The Auto-Encoder (AE) outlier detector is first trained on a batch of unlabeled, but normal (inlier) data. Unsupervised training is desireable since labeled data is often scarce. The AE detector tries to reconstruct the input it receives. If the input data cannot be reconstructed well, the reconstruction error is high and the data can be flagged as an outlier.

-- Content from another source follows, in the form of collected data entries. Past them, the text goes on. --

(* Assume $\rho_1=1$ and $\rho_{1,2}=\lambda^2\int_0^\infty x^2\,dB_1(x)<\infty$. Then for every fixed integer $j\ge0$, $$e_{L-j}-e_{L-j-1}=\frac{2}{\rho_{1,2}}+o(1)\qquad\text{as }L\to\infty.$$
   Context: $B_1$ is a probability distribution function on $[0,\infty)$ with positive finite mean, $\lambda>0$, $\rho_1=\lambda\int_0^\infty x\,dB_1(x)$. Let $r_j=\int_0^\infty e^{-\lambda x}\frac{(\lambda x)^j}{j!}\,dB_1(x)$, $j\ge0$, and define $(e_n)_{n\ge0}$ by $e_0=1$ and $e_n=\sum_{j=0}^n e_{n-j+1}r_j$ for $n\ge0$ ($e_n$ is the expected number of customers served during a busy period of the M/GI/1/$n$ queue with arrival rate $\lambda$ and service distribution $B_1$). *)

(* B_1 is a probability measure P on the Borel sets of R
   concentrated on [0, +oo). Integrals "dB_1(x)" are \int[P]_x. *)
From HB Require Import structures.
From mathcomp Require Import all_boot all_order all_algebra.
From mathcomp Require Import all_classical all_reals all_analysis.
Set Implicit Arguments. Unset Strict Implicit. Unset Printing Implicit Defensive.
Import Order.TTheory GRing.Theory Num.Theory.
Import numFieldNormedType.Exports.
Local Open Scope ring_scope.

Definition r_coef (R : realType) (P : probability R R) (lam : R) (j : nat) : R :=
  fine (\int[P]_x (expR (- (lam * x)) * (lam * x) ^+ j / (j`!)%:R)%:E)%E.

Definition rho1 (R : realType) (P : probability R R) (lam : R) : \bar R :=
  (lam%:E * \int[P]_x x%:E)%E.

Definition rho12 (R : realType) (P : probability R R) (lam : R) : \bar R :=
  ((lam ^+ 2)%:E * \int[P]_x (x ^+ 2)%:E)%E.

(* The defining relations of (e_n): e_0 = 1 and
   e_n = \sum_{j=0}^n e_{n-j+1} r_j for all n >= 0.  These determine e uniquely
   since r_0 > 0. *)
Definition is_e_seq (R : realType) (r : nat -> R) (e : nat -> R) : Prop :=
  e 0%N = 1 /\ forall n : nat, e n = \sum_(0 <= j < n.+1) e (n - j).+1 * r j.

(* The increments d n = e n - e (n - 1) solve the renewal equation
   d = r + a * d, where a k = r (k + 1) + r (k + 2) + ... is the tail of the
   mixed-Poisson law r.  Mixing the Poisson identities sum_l p_l = 1,
   sum_l l p_l = y and sum_l C(l, 2) p_l = y^2 / 2 over y = lam x gives
   sum r = 1, sum_l l r_l = rho_1 = 1 and sum_l C(l, 2) r_l = rho_{1,2} / 2;
   summing by parts, a is a probability law whose tails T sum to
   m = rho_{1,2} / 2.  Because a 1 > 0, the Erdos-Feller-Pollard argument
   applies: the bounded sequence d stays near its limsup (and near its liminf)
   along arbitrarily long runs, and the identity sum_k T k * d (n - k) =
   r 0 + ... + r n then forces limsup d * m <= 1 <= liminf d * m, so
   d n --> 1 / m = 2 / rho_{1,2}. *)

From HB Require Import structures.
From mathcomp Require Import all_boot all_order all_algebra.
From mathcomp Require Import all_classical all_reals all_analysis.
From mathcomp Require Import ring lra zify measurable_realfun.
Set Implicit Arguments.
Unset Strict Implicit.
Unset Printing Implicit Defensive.
Import Order.TTheory GRing.Theory Num.Theory.
Import numFieldNormedType.Exports.
Local Open Scope classical_set_scope.
Local Open Scope ring_scope.

Section SequenceAlgebra.
Variable R : realType.
Implicit Types x y : nat -> R.

Definition psum x n := \sum_(i < n.+1) x i.
Definition seqconv x y n := \sum_(i < n.+1) x i * y (n - i)%N.
Definition kdelta (i : nat) : R := (i == 0%N)%:R.
(* [tail x n = x (n + 1) + x (n + 2) + ...] when [x] sums to [1]. *)
Definition tail x n := 1 - psum x n.
Definition incr x n := x n - (if n is k.+1 then x k else 0).

Lemma psum0 x : psum x 0 = x 0.
Proof. by rewrite /psum big_ord1. Qed.

Lemma psumS x n : psum x n.+1 = psum x n + x n.+1.
Proof. by rewrite /psum big_ord_recr. Qed.

Lemma psumB x y n : psum (fun i => x i - y i) n = psum x n - psum y n.
Proof. by rewrite /psum sumrB. Qed.

Lemma psum_kdelta n : psum kdelta n = 1.
Proof. by rewrite /psum big_ord_recl big1 ?addr0. Qed.

Lemma psum_incr x n : psum (incr x) n = x n.
Proof.
elim: n => [|n IH]; first by rewrite psum0 /incr subr0.
by rewrite psumS IH /incr addrC subrK.
Qed.

Lemma psum_inj x y : (forall n, psum x n = psum y n) -> forall n, x n = y n.
Proof.
move=> eq_xy [|n]; first by have := eq_xy 0%N; rewrite !psum0.
by have := eq_xy n.+1; rewrite !psumS eq_xy; apply: addrI.
Qed.

Lemma tail_psum x n : tail x n = psum (fun i => kdelta i - x i) n.
Proof. by rewrite psumB psum_kdelta. Qed.

Lemma tailS x n : tail x n.+1 = tail x n - x n.+1.
Proof. by rewrite /tail psumS opprD addrA. Qed.

Lemma seqconvC x y n : seqconv x y n = seqconv y x n.
Proof.
rewrite /seqconv (reindex_inj rev_ord_inj) /=; apply: eq_bigr => i _.
by rewrite subSS subKn 1?mulrC // -ltnS ltn_ord.
Qed.

Lemma seqconvBl x x' y n :
  seqconv (fun i => x i - x' i) y n = seqconv x y n - seqconv x' y n.
Proof. by rewrite /seqconv -sumrB; apply: eq_bigr => i _; rewrite mulrBl. Qed.

Lemma seqconv_kdelta y n : seqconv kdelta y n = y n.
Proof.
rewrite /seqconv big_ord_recl /= subn0 mul1r big1 ?addr0 // => i _.
by rewrite /kdelta mul0r.
Qed.

Lemma seqconv_psumr x y n : seqconv x (psum y) n = psum (seqconv x y) n.
Proof.
elim: n => [|n IH]; first by rewrite /seqconv /psum !big_ord1.
rewrite psumS -IH /seqconv (big_ord_recr n.+1) (big_ord_recr n.+1) /= !subnn psum0.
rewrite addrA; congr (_ + _).
rewrite -big_split /=; apply: eq_bigr => i _.
by rewrite subSn ?psumS ?mulrDr // -ltnS ltn_ord.
Qed.

Lemma seqconv_psuml x y n : seqconv (psum x) y n = psum (seqconv x y) n.
Proof.
rewrite seqconvC seqconv_psumr /psum; apply: eq_bigr => i _; exact: seqconvC.
Qed.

The reconstruction error is measured as the mean squared error (MSE) between the input and the reconstructed instance.

Dataset

CIFAR10 consists of 60,000 32 by 32 RGB images equally distributed over 10 classes.

import logging
import matplotlib.pyplot as plt
import numpy as np
import os
import tensorflow as tf
tf.keras.backend.clear_session()
from tensorflow.keras.layers import Conv2D, Conv2DTranspose, \
    Dense, Layer, Reshape, InputLayer, Flatten
from tqdm import tqdm

from alibi_detect.od import OutlierAE
from alibi_detect.utils.fetching import fetch_detector
from alibi_detect.utils.perturbation import apply_mask
from alibi_detect.saving import save_detector, load_detector
from alibi_detect.utils.visualize import plot_instance_score, plot_feature_outlier_image

logger = tf.get_logger()
logger.setLevel(logging.ERROR)

Load CIFAR10 data

train, test = tf.keras.datasets.cifar10.load_data()
X_train, y_train = train
X_test, y_test = test

X_train = X_train.astype('float32') / 255
X_test = X_test.astype('float32') / 255
print(X_train.shape, y_train.shape, X_test.shape, y_test.shape)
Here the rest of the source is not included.